Theorem mainTheorem14 :
  (forall q : quat, sigma_S_Phi0 shiftR q -> sigma_S shiftR q) /\
  (exists q : quat, sigma_S shiftR q /\ ~ sigma_S_Phi0 shiftR q).
Proof.
  split.
  - intros q Hq Hinv; exact (Hq (invertible_in_Phi0 _ Hinv)).
  - exists q0; unfold sigma_S, sigma_S_Phi0; rewrite Rq_q0; split.
    + exact shiftR2_not_invertible.
    + intros Hnot; exact (Hnot shiftR2_in_Phi0).
Qed.
Lemma cycle_match_spec a : a \in X ->
  exists x y (C' : {set B}),
  [/\ porbit s x = porbit s a, porbit s' y = C',
      C' = nth set0 (enum (cycles_in s' Y #|porbit s a|))
             (index (porbit s a) (enum (cycles_in s X #|porbit s a|))),
      C' \in cycles_in s' Y #|porbit s a| &
      [/\ [pick z in porbit s a] = Some x, [pick z in C'] = Some y &
      cycle_match s X s' Y a = Some ((s' ^+ (index a (traject s x #|porbit s a|)))%g y)]].
Proof.
move=> aX.
set C := porbit s a; set j := #|C|.
have CX : C \in cycles_in s X j by rewrite inE imset_f //= eqxx andbT porbit_sub.
set C' := nth set0 (enum (cycles_in s' Y j)) (index C (enum (cycles_in s X j))).
have C'Y : C' \in cycles_in s' Y j.
  by rewrite -mem_enum mem_nth // -cardE -same_cycle_type cardE index_mem mem_enum.
have [x px xC] : exists2 x, [pick z in C] = Some x & x \in C.
  case: pickP => [x xC|H]; first by exists x.
  by move: (H a); rewrite /= porbit_id.
have [y py yC] : exists2 y, [pick z in C'] = Some y & y \in C'.
  case: pickP => [y yC|H]; first by exists y.
  have [_ _ cC'] := cycles_inP C'Y.
  have : 0 < #|C'| by rewrite cC' /j lt0n card_porbit_neq0.
  by case/card_gt0P => z zC; move: (H z); rewrite /= zC.
exists x, y, C'; split=> //.
- by apply: porbit_of_mem xC; rewrite imset_f.
- by have [C'p _ _] := cycles_inP C'Y; apply: porbit_of_mem.
- by rewrite /cycle_match aX -/C -/j -/C' px py.
Qed.

End CycleMatchSpec.

Section CycleMatch.
Variables (A B : finType) (s : {perm A}) (X : {set A}) (s' : {perm B}) (Y : {set B}).
Hypothesis sX : forall a, a \in X -> s a \in X.
Hypothesis s'Y : forall b, b \in Y -> s' b \in Y.
Hypothesis same_cycle_type : forall j, #|cycles_in s X j| = #|cycles_in s' Y j|.

Lemma cycle_match_inv a : a \in X ->
  exists b, [/\ cycle_match s X s' Y a = Some b, cycle_match s' Y s X b = Some a & b \in Y].
Proof.
move=> aX.
have same_cycle_type' j : #|cycles_in s' Y j| = #|cycles_in s X j|.
  by rewrite same_cycle_type.
have [x [y [C' [e1 e2 e3 C'Y [px py ea]]]]] := cycle_match_spec sX same_cycle_type aX.
set j := #|porbit s a| in e3 C'Y ea.
have [C'p C'sub cC'] := cycles_inP C'Y.
have ax : a \in porbit s x by rewrite e1 porbit_id.
have [n_lt na] := permX_index_traject ax.
rewrite e1 -/j in n_lt na ea.
set n := index a (traject s x j) in n_lt na ea.
have bY : (s' ^+ n)%g y \in Y by apply: (subsetP C'sub); rewrite -e2 mem_porbit.
exists ((s' ^+ n)%g y); split=> //.
have [x2 [y2 [C2 [f1 f2 f3 C2X [px2 py2 eb]]]]] :=
  cycle_match_spec s'Y same_cycle_type' bY.
have pb : porbit s' ((s' ^+ n)%g y) = C' by rewrite porbit_perm.
rewrite pb cC' in f3 eb; rewrite pb in px2.
have CE : porbit s a \in enum (cycles_in s X j).
  by rewrite mem_enum inE imset_f //= eqxx andbT porbit_sub.
have idx : index C' (enum (cycles_in s' Y j)) = index (porbit s a) (enum (cycles_in s X j)).
  by rewrite e3 index_uniq ?enum_uniq // -cardE -same_cycle_type cardE index_mem.
rewrite idx nth_index // in f3; rewrite f3 in py2.
have ex2 : x2 = y by move: px2; rewrite py => -[].
have ey2 : y2 = x by move: py2; rewrite px => -[].
subst x2 y2; rewrite eb; have n_lt' : n < #|porbit s' y| by rewrite e2 cC'.
by rewrite -cC' -e2 index_traject_permX // na.
Qed.
Lemma maxmin_mono f g : (forall x, fn f x <= fn g x) -> mu f <= mu g.
Proof.
  intros Hfg. rewrite (proj1 (proj2 Hmu) f g g); [apply Rmax_l|].
  intros x. rewrite Rmax_right; auto.
Qed.

Lemma maxmin_finite_join {I : Type} c (g : X -> R) (U : I -> X -> Prop) (l : list I) :
  (forall i, In i l -> exists f, mu f < c /\ forall z, U i z -> g z <= fn f z) ->
  exists G, mu G < c /\ forall i, In i l -> forall z, U i z -> g z <= fn G z.
Proof.
  induction l as [|i l IH]; intros Hl.
  - exists (ccst d (c - 1)). rewrite maxmin_const. split; [lra|intros i []].
  - destruct IH as [G [HG HGl]]; [intros j Hj; apply Hl; right; exact Hj|].
    destruct (Hl i (or_introl eq_refl)) as [f [Hf Hfi]].
    exists (cmax d f G). rewrite maxmin_max. split; [apply Rmax_lub_lt; auto|].
    intros j [<-|Hj] z Hz; simpl.
    + eapply Rle_trans; [apply Hfi, Hz|apply Rmax_l].
    + eapply Rle_trans; [apply (HGl j Hj z Hz)|apply Rmax_r].
Qed.

Definition locally_below (x : X) (c : R) : Prop :=
  exists r, 0 < r /\ exists f : CX d, (forall y, d x y < r -> c <= fn f y) /\ mu f < c.

End MaxMinMeasures.

Section Surjectivity.
Context {X : Type} (d : X -> X -> R) (xi : R -> Rbar).
Hypotheses (HX : compact_metric_space d) (Hxi : order_homeo xi).
Variable mu : CX d -> R.
Hypothesis Hmu : is_maxmin mu.

Lemma locally_below_open x c : locally_below mu x c ->
  exists r, 0 < r /\ forall y, d x y < r -> locally_below mu y c.
Proof.
  intros [r [Hr [f [Hf Hmf]]]]. exists (r / 2). split; [lra|]. intros y Hy.
  exists (r / 2). split; [lra|]. exists f. split; [|exact Hmf].
  intros z Hz. apply Hf. pose proof (metric_tri d (proj1 HX) x y z). lra.
Qed.

Lemma locally_below_mono x c c' : locally_below mu x c -> c <= c' -> locally_below mu x c'.
Proof.
  intros [r [Hr [f [Hf Hmf]]]] Hcc'.
  destruct (continuous_bounded d HX (fn f) (proj2_sig f)) as [M HM].
  set (lo := Rmin (- M) c'). set (hi := c' + 1).
  assert (Hlo : lo <= - M /\ lo <= c') by (split; [apply Rmin_l|apply Rmin_r]).
  set (b := tent d (proj1 HX) x lo hi r).
  (* [Rmin c b <= f]: inside the ball [f >= c], outside it [b = lo <= f]. *)
  assert (Hb : mu b < c).
  { assert (Hbf : Rmin c (mu b) <= mu f); [|unfold Rmin in Hbf; destruct Rle_dec in Hbf; lra].
    rewrite <- (maxmin_minc mu Hmu). apply (maxmin_mono mu Hmu). intros y. simpl.
    destruct (Rlt_dec (d x y) r) as [Hy|Hy].
    - eapply Rle_trans; [apply Rmin_l|apply Hf, Hy].
    - eapply Rle_trans; [apply Rmin_r|].
      change (fn b y <= fn f y). unfold b. rewrite tent_far by (unfold hi; lra).
      specialize (HM y). pose proof (Rle_abs (- fn f y)) as Hfy. rewrite Rabs_Ropp in Hfy. lra. }
  exists (r / (hi - lo)). split; [apply Rdiv_lt_0_compat; unfold hi; lra|].
  exists b. split; [|lra]. intros y Hy. eapply Rle_trans; [|apply tent_ge].
  assert ((hi - lo) / r * d x y < 1); [|unfold hi in *; lra].
  apply Rmult_lt_compat_l with (r := (hi - lo) / r) in Hy;
    [|apply Rdiv_lt_0_compat; unfold hi; lra].
  replace ((hi - lo) / r * (r / (hi - lo))) with 1 in Hy by (field; unfold hi; lra). exact Hy.
Qed.

(** If all such [x] were locally below [c], finitely many balls, each carrying a function of
    [mu]-value below [c] that dominates [Rmin c phi] there, would give [mu (Rmin c phi) < c]. *)
Lemma exists_not_locally_below (phi : CX d) c' c : c' < c -> c < mu phi ->
  exists x, c' <= fn phi x /\ ~ locally_below mu x c.
Proof.
  intros Hc'c Hcm. pose proof (proj1 HX) as Hm. apply NNPP; intros Hno.
  set (Good := fun U : X -> Prop =>
         exists f, mu f < c /\ forall z, U z -> Rmin c (fn phi z) <= fn f z).
  destruct (lebesgue_number d HX Good) as [s [Hs Hgood]].
  - intros U V [f [Hf HfU]] HVU. exists f. split; auto.
  - intros x. destruct (Rle_dec c' (fn phi x)) as [Hx|Hx].
    + assert (Hb : locally_below mu x c) by (apply NNPP; intros Hb; apply Hno; eauto).
      destruct Hb as [r [Hr [f [Hf Hmf]]]]. exists r. split; [exact Hr|].
      exists f. split; [exact Hmf|]. intros z Hz. eapply Rle_trans; [apply Rmin_l|auto].
    + destruct (proj2_sig phi x (c' - fn phi x) ltac:(lra)) as [r [Hr Hclose]].
      exists r. split; [exact Hr|]. exists (cminc d c' phi).
      rewrite (maxmin_minc mu Hmu). split; [eapply Rle_lt_trans; [apply Rmin_l|exact Hc'c]|].
      intros z Hz. specialize (Hclose z Hz). apply Rabs_def2 in Hclose. simpl. unfold fn in *.
      rewrite (Rmin_right c), (Rmin_right c'); lra.
  - destruct (seq_compact_finite_net d (fun _ => True) (metric_sym d Hm) (metric_tri d Hm)
                (proj2 HX) s Hs) as [net [_ Hnet]].
    destruct (maxmin_finite_join mu Hmu c (fun z => Rmin c (fn phi z)) (fun w z => d w z < s) net)
      as [G [HG HGnet]]; [intros w _; apply Hgood|].
    assert (HphiG : mu (cminc d c phi) <= mu G).
    { apply (maxmin_mono mu Hmu). intros z. destruct (Hnet z I) as [w [Hw Hwz]].
      exact (HGnet w Hw z Hwz). }
    rewrite (maxmin_minc mu Hmu), Rmin_left in HphiG by lra. lra.
Qed.

(** The candidate preimage of [mu]: above [x], the height [xi t] is capped by every
    level [c] that [mu] stays below near [x]. *)
Definition maxmin_preimage (p : X * R) : Prop :=
  0 <= snd p <= 1 /\ forall c, locally_below mu (fst p) c -> Rbar_le (xi (snd p)) (Fin c).

Lemma maxmin_preimage_level x c : ~ locally_below mu x c ->
  exists t, maxmin_preimage (x, t) /\ xi t = Fin c.
Proof.
  intros Hc. destruct (xi_preimage xi Hxi c) as [t [Ht E]]. exists t. split; [|exact E].
  split; simpl; [lra|]. intros c' Hc'. rewrite E. simpl. apply Rnot_lt_le. intros Hlt.
  apply Hc, (locally_below_mono x c'); [exact Hc'|lra].
Qed.

Lemma maxmin_preimage_above (phi : CX d) w : w < mu phi ->
  exists x t, maxmin_preimage (x, t) /\ ~ Rbar_le (Rbar_min (xi t) (fn phi x)) (Fin w).
Proof.
  intros Hw.
  destruct (exists_not_locally_below phi (w + (mu phi - w) / 3) (w + 2 * (mu phi - w) / 3))
    as [x [Hx Hn]]; [lra|lra|].
  destruct (maxmin_preimage_level x _ Hn) as [t [Ht E]].
  exists x, t. split; [exact Ht|]. rewrite E, Rbar_min_le_iff. simpl. lra.
Qed.

Lemma maxmin_preimage_sup (phi : CX d) : is_sup_Rbar (hset xi maxmin_preimage phi) (mu phi).
Proof.
  split.
  - intros z [x [t [[Ht Hcap] ->]]]. apply NNPP; intros Hn.
    rewrite Rbar_min_le_iff in Hn. apply not_or_and in Hn as [Hxi_t Hphi].
    destruct (Rbar_gap _ _ (fn phi x) Hxi_t ltac:(lra)) as [c [Hc Hxi_c]].
    apply Hxi_c, Hcap. simpl.
    destruct (proj2_sig phi x (fn phi x - c) ltac:(lra)) as [r [Hr Hclose]].
    exists r. split; [exact Hr|]. exists phi. split; [|lra].
    intros y Hy. specialize (Hclose y Hy). apply Rabs_def2 in Hclose. unfold fn in *. lra.
  - intros [v| |] Hub; simpl; [|exact I|].
    + apply Rnot_lt_le. intros Hlt.
      destruct (maxmin_preimage_above phi v Hlt) as [x [t [Hxt Hn]]].
      apply Hn, Hub. exists x, t; auto.
    + destruct (maxmin_preimage_above phi (mu phi - 1) ltac:(lra)) as [x [t [Hxt Hn]]].
      apply Hn. eapply Rbar_le_trans; [apply Hub; exists x, t; auto|exact I].
Qed.

Lemma maxmin_preimage_top : exists x, maxmin_preimage (x, 1).
Proof.
  pose proof (proj1 HX) as Hm.
  assert (Hex : forall n : nat, exists x, ~ locally_below mu x (INR n + 1)).
  { intros n. destruct (exists_not_locally_below (ccst d (INR n + 2)) (INR n) (INR n + 1))
      as [x [_ Hx]]; [lra|rewrite (maxmin_const mu Hmu); lra|eauto]. }
  destruct (choice _ Hex) as [u Hu]. destruct (compact_cluster d HX u) as [x Hx].
  exists x. split; simpl; [lra|]. intros c Hc. exfalso.
  destruct (locally_below_open x c Hc) as [r [Hr Hnear]].
  destruct (INR_unbounded c) as [N HN].
  destruct (Hx r N Hr) as [n [HNn Hxn]]. rewrite (metric_sym d Hm) in Hxn.
  apply (Hu n), (locally_below_mono (u n) c); [exact (Hnear _ Hxn)|].
  assert (INR N <= INR n) by (apply le_INR; lia). lra.
Qed.

Lemma maxmin_preimage_closed u x t : (forall n, maxmin_preimage (u n)) -> 0 <= t <= 1 ->
  seq_conv (prod_dist d) u (x, t) -> maxmin_preimage (x, t).
Proof.
  intros Hu Ht Hconv. pose proof (proj1 HX) as Hm.
  split; [exact Ht|]. simpl. intros c Hc. apply NNPP; intros Hn.
  destruct (xi_preimage xi Hxi c) as [sc [Hsc Ec]].
  assert (Hsct : sc < t).
  { apply Rnot_le_lt. intros Hle. apply Hn. rewrite <- Ec. apply xi_le_iff; auto; lra. }
  destruct (locally_below_open x c Hc) as [r [Hr Hnear]].
  destruct (Hconv (Rmin r (t - sc)) ltac:(apply Rmin_glb_lt; lra)) as [N HN].
  specialize (HN N (le_n N)). unfold prod_dist in HN.
  pose proof (Rmin_l r (t - sc)). pose proof (Rmin_r r (t - sc)).
  destruct (u N) as [y s] eqn:E. simpl in HN.
  pose proof (Rabs_pos (s - t)). pose proof (metric_nonneg d Hm y x).
  destruct (Hu N) as [Hs Hcap]. rewrite E in Hs, Hcap. simpl in Hs, Hcap.
  specialize (Hcap c (Hnear y ltac:(rewrite (metric_sym d Hm); lra))).
  rewrite <- Ec in Hcap. apply (xi_le_iff xi Hxi) in Hcap; [|lra|lra].
  unfold Rabs in HN; destruct Rcase_abs in HN; lra.
Qed.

===

• **Work task**: Exactly repeat the lines above, from the opening line through the one with "[/\ porbit s", and include nothing else.

• **Written reply**:
Theorem mainTheorem14 :
  (forall q : quat, sigma_S_Phi0 shiftR q -> sigma_S shiftR q) /\
  (exists q : quat, sigma_S shiftR q /\ ~ sigma_S_Phi0 shiftR q).
Proof.
  split.
  - intros q Hq Hinv; exact (Hq (invertible_in_Phi0 _ Hinv)).
  - exists q0; unfold sigma_S, sigma_S_Phi0; rewrite Rq_q0; split.
    + exact shiftR2_not_invertible.
    + intros Hnot; exact (Hnot shiftR2_in_Phi0).
Qed.
Lemma cycle_match_spec a : a \in X ->
  exists x y (C' : {set B}),
  [/\ porbit s x = porbit s a, porbit s' y = C',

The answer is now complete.